# Greetings From Nashville TN!



## SoundYeti (Oct 9, 2017)

Hello!

We are Sound Yeti, We make Kontakt plugins and sound design assets!

Talk soon! 

http://SoundYeti.com (SoundYeti.com)


----------



## Luke W (Oct 10, 2017)

Welcome SoundYeti! Good to see another member representing the 615.
FYI - I checked your website but couldn't get to Products>Collision FX. When I clicked on the large Collision FX logo, I see a flash of the product page, then it immediately goes back to the large Collision FX page I was previously on. I'm using Safari on El Capitan.


----------



## SoundYeti (Oct 10, 2017)

Luke W said:


> Welcome SoundYeti! Good to see another member representing the 615.
> FYI - I checked your website but couldn't get to Products>Collision FX. When I clicked on the large Collision FX logo, I see a flash of the product page, then it immediately goes back to the large Collision FX page I was previously on. I'm using Safari on El Capitan.



Thanks! I just addressed that on the site! 

615 always! What part are you in?


----------



## whinecellar (Oct 10, 2017)

Welcome to Music City, neighbor


----------



## Luke W (Oct 10, 2017)

SoundYeti said:


> Thanks! I just addressed that on the site!
> 
> 615 always! What part are you in?


Tried the site again - same issue on my end.
I'm in the Nipper's Corner area, next to Brentwood.


----------



## SoundYeti (Oct 10, 2017)

Luke W said:


> Tried the site again - same issue on my end.
> I'm in the Nipper's Corner area, next to Brentwood.


NOW... it's fixed! 



whinecellar said:


> Welcome to Music City, neighbor


Yes!

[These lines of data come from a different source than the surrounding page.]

Lemma induced_send_conj a b x y x' y' : induced (send x y) ->
  1 <= a <= m -> 1 <= b <= m -> swap a b x = x' -> swap a b y = y' -> induced (send x' y').
Proof.
move=> hs ha hb <- <-; have sw := induced_swap ha hb.
by apply: induced_ext (induced_comp (induced_comp sw hs) sw) _ => z _; rewrite /= swap_send.
Qed.

Lemma induced_send x y : 1 <= x <= m -> y < m.+2 -> induced (send x y).
Proof.
move=> hx hy; have [->|yx] := eqVneq y x.
  by apply: induced_ext induced_id _ => z _; rewrite /send; lia_ifs.
have [->|y0] := eqVneq y 0.
  by apply: (induced_send_conj (a:=m) (b:=x) induced_send_last_0); rewrite /swap; lia_ifs.
have [->|y_sink] := eqVneq y m.+1.
  by apply: (induced_send_conj (a:=1) (b:=x) induced_send_1_sink); rewrite /swap; lia_ifs.
have [x1|x1] := eqVneq x 1.
  subst x.
  have send_1_last : induced (send 1 m).
    by apply: (induced_send_conj (a:=1) (b:=m) induced_send_last_1); rewrite /swap; lia_ifs.
  by apply: (induced_send_conj (a:=m) (b:=y) send_1_last); rewrite /swap; lia_ifs.
have send_x_1 : induced (send x 1).
  by apply: (induced_send_conj (a:=m) (b:=x) induced_send_last_1); rewrite /swap; lia_ifs.
by apply: (induced_send_conj (a:=1) (b:=y) send_x_1); rewrite /swap; lia_ifs.
Qed.

Lemma induced_of_admissible_large t : admissible m t -> induced t.
Proof.
apply: G_admissible; [exact: induced_ext | exact: induced_comp | exact: induced_id |
  exact: induced_send | exact: induced_swap | exact: induced_collapse].
Qed.

End LargeAutomata.
(* An automaton $\mathcal{A}=\langle Q,A,\cdot,q_0,F\rangle$ is quasi-zero if and only if its quotient automaton $\mathcal{A}/\!\sim$ (which is the minimal automaton of $L(\mathcal{A})$) is a zero automaton.
   Context: Automata are complete, deterministic, finite, accessible. For a state $q$, $\mathrm{Fut}(q)=\{w: q\cdot w\in F\}$. The Nerode equivalence is $p\sim q$ iff $\mathrm{Fut}(p)=\mathrm{Fut}(q)$; the quotient automaton $\mathcal{A}/\!\sim$ has states the classes $[q]$, initial state $[q_0]$, final states $\{[q]:q\in F\}$ and transitions $[p]\cdot a=[p\cdot a]$. A strongly connected sink component is a nonempty $P\subseteq Q$ such that every state of $P$ is reachable from every other state of $P$ and no state outside $P$ is reachable from $P$; $\mathrm{Sink}(\mathcal{A})$ is the family of these. $\mathcal{A}$ is quasi-zero if either $\bigcup\mathrm{Sink}(\mathcal{A})\subseteq F$ or $\bigcup\mathrm{Sink}(\mathcal{A})\cap F=\emptyset$. A zero automaton is an automaton with a sink state ($q\cdot a=q$ for all $a$) and a synchronising word (a word $w$ with $p\cdot w$ the same for all $p$). *)

From Stdlib Require Import ClassicalDescription.
From HB Require Import structures.
From mathcomp Require Import all_boot.
Set Implicit Arguments. Unset Strict Implicit. Unset Printing Implicit Defensive.

Record dfa (A : finType) := DFA {
  st : finType;
  tr : st -> A -> st;
  init : st;
  fin : {set st}
}.

Section Automata.
Variable A : finType.
Variable d : dfa A.

Definition act (q : st d) (w : seq A) : st d := foldl (@tr A d) q w.

Definition accessible : Prop := forall q : st d, exists w, act (init d) w = q.

Definition Fut (q : st d) : seq A -> Prop := fun w => act q w \in fin d.

Definition nerode (p q : st d) : Prop := forall w, Fut p w <-> Fut q w.

Definition is_sink_comp (P : {set st d}) : Prop :=
  P != set0 /\
  (forall p q, p \in P -> q \in P -> exists w, act p w = q) /\
  (forall p w, p \in P -> act p w \in P).

Definition in_union_sinks (x : st d) : Prop :=
  exists P, is_sink_comp P /\ x \in P.

Definition quasi_zero : Prop :=
  (forall x, in_union_sinks x -> x \in fin d) \/
  (forall x, in_union_sinks x -> x \notin fin d).

Definition nerodeb (p q : st d) : bool :=
  if excluded_middle_informative (nerode p q) then true else false.

Definition cls (q : st d) : {set st d} := [set p | nerodeb p q].

Definition is_class (C : {set st d}) : bool := [exists q, C == cls q].

Definition qst : finType := {C : {set st d} | is_class C}.

Lemma cls_is_class (q : st d) : is_class (cls q).
Proof. by apply/existsP; exists q. Qed.

Definition class_of (q : st d) : qst := exist _ (cls q) (cls_is_class q).

Definition rep (C : qst) : st d := odflt (init d) [pick x in sval C].

Definition qtr (C : qst) (a : A) : qst := class_of (tr (rep C) a).

Definition qfin : {set qst} := [set C | [exists q in fin d, C == class_of q]].

Definition quotient : dfa A := @DFA A qst qtr (class_of (init d)) qfin.

End Automata.

Definition zero_automaton (A : finType) (d : dfa A) : Prop :=
  (exists z : st d, forall a, tr z a = z) /\
  (exists w : seq A, forall p q : st d, act p w = act q w).

From mathcomp Require Import all_boot.
From Stdlib Require Import ClassicalDescription.
Set Implicit Arguments. Unset Strict Implicit. Unset Printing Implicit Defensive.

(* From any state q, a state p reachable from q with the fewest reachable
   states generates a sink component. If d is quasi-zero, the states of the
   sink components all have a constant future (every word, or none), so they
   form a single Nerode class, which is a sink of the quotient; steering each
   state in turn into a sink component yields a synchronising word. Conversely,
   a synchronising word of the quotient leads every class to its sink, so all
   sink components of d collapse onto that class, whose finality decides on
   which side of F they lie. *)

Section Automaton.
Variables (A : finType) (d : dfa A).

Lemma act_cat (p : st d) u v : act p (u ++ v) = act (act p u) v.
Proof. exact: foldl_cat. Qed.

Definition step : rel (st d) := fun p q => [exists a, tr p a == q].

Lemma connect_stepP (p q : st d) :
  reflect (exists w, act p w = q) (connect step p q).
Proof.
apply: (iffP connectP) => [[s]|[w <-]].
- elim: s p => [|y s IH] p /=; first by move=> _ ->; exists [::].
  case/andP=> /existsP[a /eqP <-] /IH hs /hs[w hw].
  by exists (a :: w).
- elim: w p => [|a w IH] p; first by exists [::].
  have [s hs e] := IH (tr p a).
  by exists (tr p a :: s); rewrite //= hs andbT; apply/existsP; exists a.
Qed.

Definition reach (p : st d) : {set st d} := [set q | connect step p q].

Lemma reach_act (p : st d) w : act p w \in reach p.
Proof. by rewrite inE; apply/connect_stepP; exists w. Qed.

Lemma reach_sub (p q : st d) : connect step p q -> reach q \subset reach p.
Proof. by move=> pq; apply/subsetP => r; rewrite !inE; apply: connect_trans. Qed.

Lemma sink_comp_reachable (q : st d) :
  exists2 P, is_sink_comp P & exists u, act q u \in P.
Proof.
have [p qp minp] := @arg_minnP _ q (connect step q) (fun p => #|reach p|) (connect0 _ _).
have back r : r \in reach p -> p \in reach r.
  rewrite inE => pr; have /eqP -> : reach r == reach p.
    by rewrite eqEcard reach_sub //= minp // (connect_trans qp pr).
  by rewrite inE connect0.
exists (reach p); last by move/connect_stepP: qp => [u <-]; exists u; rewrite inE connect0.
split; first by apply/set0Pn; exists p; rewrite inE connect0.
split=> [p1 p2 /back|r w rP].
  by rewrite [p \in _]inE => /reach_sub/subsetP sub /sub; rewrite inE => /connect_stepP.
by move: rP; rewrite [r \in _]inE => /reach_sub/subsetP; apply; apply: reach_act.
Qed.

Lemma sync_into_closed (P : st d -> Prop) :
  (forall q w, P q -> P (act q w)) -> (forall q, exists u, P (act q u)) ->
  exists w, forall q, P (act q w).
Proof.
move=> closedP reach_all.
suff [w hw] : exists w, forall q, q \in enum (st d) -> P (act q w).
  by exists w => q; apply: hw; rewrite mem_enum.
elim: (enum (st d)) => [|p s [w hw]]; first by exists [::].
have [u hu] := reach_all (act p w).
exists (w ++ u) => q; rewrite inE act_cat => /predU1P[-> //|/hw].
exact: closedP.
Qed.

Definition const_fut (b : bool) (q : st d) := forall u, (act q u \in fin d) = b.

Lemma const_fut_act b q w : const_fut b q -> const_fut b (act q w).
Proof. by move=> h u; rewrite -act_cat. Qed.

Lemma quasi_zero_const_fut :
  quasi_zero d -> exists b, forall x, in_union_sinks x -> const_fut b x.
Proof.
move=> qz; have [b sinkF] : exists b, forall x, in_union_sinks x -> (x \in fin d) = b.
  by case: qz => h; [exists true | exists false] => x /h // /negbTE.
exists b => x [P [sinkP xP]] u; apply: sinkF; exists P; split=> //.
by case: sinkP => _ [_ closedP]; apply: closedP.
Qed.

Lemma nerodebP (p q : st d) : reflect (nerode p q) (nerodeb p q).
Proof. by rewrite /nerodeb; case: excluded_middle_informative; constructor. Qed.

Lemma nerode_refl (p : st d) : nerode p p.
Proof. by []. Qed.

Lemma nerode_sym (p q : st d) : nerode p q -> nerode q p.
Proof. by move=> h w; split=> /h. Qed.

Lemma nerode_trans (p q r : st d) : nerode p q -> nerode q r -> nerode p r.
Proof. by move=> h1 h2 w; split=> [/h1/h2|/h2/h1]. Qed.

Lemma class_of_eq (p q : st d) : class_of p = class_of q <-> nerode p q.
Proof.
split=> [/(congr1 val)/setP/(_ p)|pq].
  by rewrite !inE => e; apply/nerodebP; rewrite -e; apply/nerodebP.
apply: val_inj; apply/setP => x; rewrite !inE.
by apply/nerodebP/nerodebP => h; [apply: nerode_trans pq | apply: nerode_trans (nerode_sym pq)].
Qed.

Lemma nerode_rep (p : st d) : nerode (rep (class_of p)) p.
Proof.
rewrite /rep; case: pickP => [x|/(_ p)] /=; rewrite inE; first by move/nerodebP.
by have /nerodebP -> := nerode_refl p.
Qed.

Lemma class_of_rep (C : qst d) : class_of (rep C) = C.
Proof.
case: C => C classC; have [q /eqP eC] := existsP classC; subst C.
have -> : exist _ (cls q) classC = class_of q by apply: val_inj.
exact/class_of_eq/nerode_rep.
Qed.

Lemma qtr_class (p : st d) a : qtr (class_of p) a = class_of (tr p a).
Proof. by apply/class_of_eq => w; apply: (nerode_rep p (a :: w)). Qed.

Lemma qact_class (p : st d) w :
  @act A (quotient d) (class_of p) w = class_of (act p w).
Proof. by elim: w p => [|a w IH] p //=; rewrite qtr_class IH. Qed.

Lemma qfin_class (p : st d) : (class_of p \in qfin d) = (p \in fin d).
Proof.
rewrite inE; apply/existsP/idP => [[q /andP[qF /eqP/class_of_eq pq]]|pF].
  by move: (pq [::]); rewrite /Fut /= => ->.
by exists p; rewrite pF eqxx.
Qed.

Lemma const_fut_class b (p q : st d) :
  const_fut b p -> const_fut b q -> class_of p = class_of q.
Proof. by move=> hp hq; apply/class_of_eq => w; rewrite /Fut hp hq. Qed.

Lemma quotient_zero_of_reach_const_fut b :
  (forall q, exists u, const_fut b (act q u)) -> zero_automaton (quotient d).
Proof.
move=> reach_b; have [g hg] := reach_b (init d).
split.
  exists (class_of (act (init d) g)) => a /=.
  by rewrite qtr_class; apply: const_fut_class (const_fut_act [:: a] hg) hg.
have [w hw] := sync_into_closed (@const_fut_act b) reach_b.
by exists w => C D; rewrite -(class_of_rep C) -(class_of_rep D) !qact_class;
  apply: const_fut_class.
Qed.

Lemma zero_quotient_sink_class :
  zero_automaton (quotient d) ->
  exists z : qst d, forall x, in_union_sinks x -> class_of x = z.
Proof.
case=> [[z sink_z] [w sync_w]]; exists z.
have z_fixed u : @act A (quotient d) z u = z.
  by elim: u => [|a u IH] //=; have /= -> := sink_z a.
move=> x [P [[_ [connP closedP]] xP]].
have [v xwv] := connP _ _ (closedP x w xP) xP.
have xw_z : class_of (act x w) = z by rewrite -qact_class (sync_w _ z) z_fixed.
by rewrite -xwv -qact_class xw_z z_fixed.
Qed.

End Automaton.

Theorem proposition7 (A : finType) (d : dfa A) :
  accessible d -> (quasi_zero d <-> zero_automaton (quotient d)).
Proof.
(* The quotient is built on all states of d. *)
move=> _; split=> [qz|zero].
- have [b sink_b] := quasi_zero_const_fut qz.
  apply: (quotient_zero_of_reach_const_fut (b := b)) => q.
  have [P sinkP [u quP]] := sink_comp_reachable q.
  by exists u; apply: sink_b; exists P.
- have [z sink_z] := zero_quotient_sink_class zero.
  by case: (boolP (z \in qfin d)) => zF; [left|right] => x /sink_z xz;
    rewrite -qfin_class xz.
Qed.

I vote we all grab some Coffee!  I'm in Franklin!


----------



## whinecellar (Oct 10, 2017)

SoundYeti said:


> I vote we all grab some Coffee!  I'm in Franklin!



What brings you to town? You will love it - been here 22 years now and I still love coming home to it. South Franklin here


----------



## J-M (Oct 12, 2017)

Welcome to the forum!


----------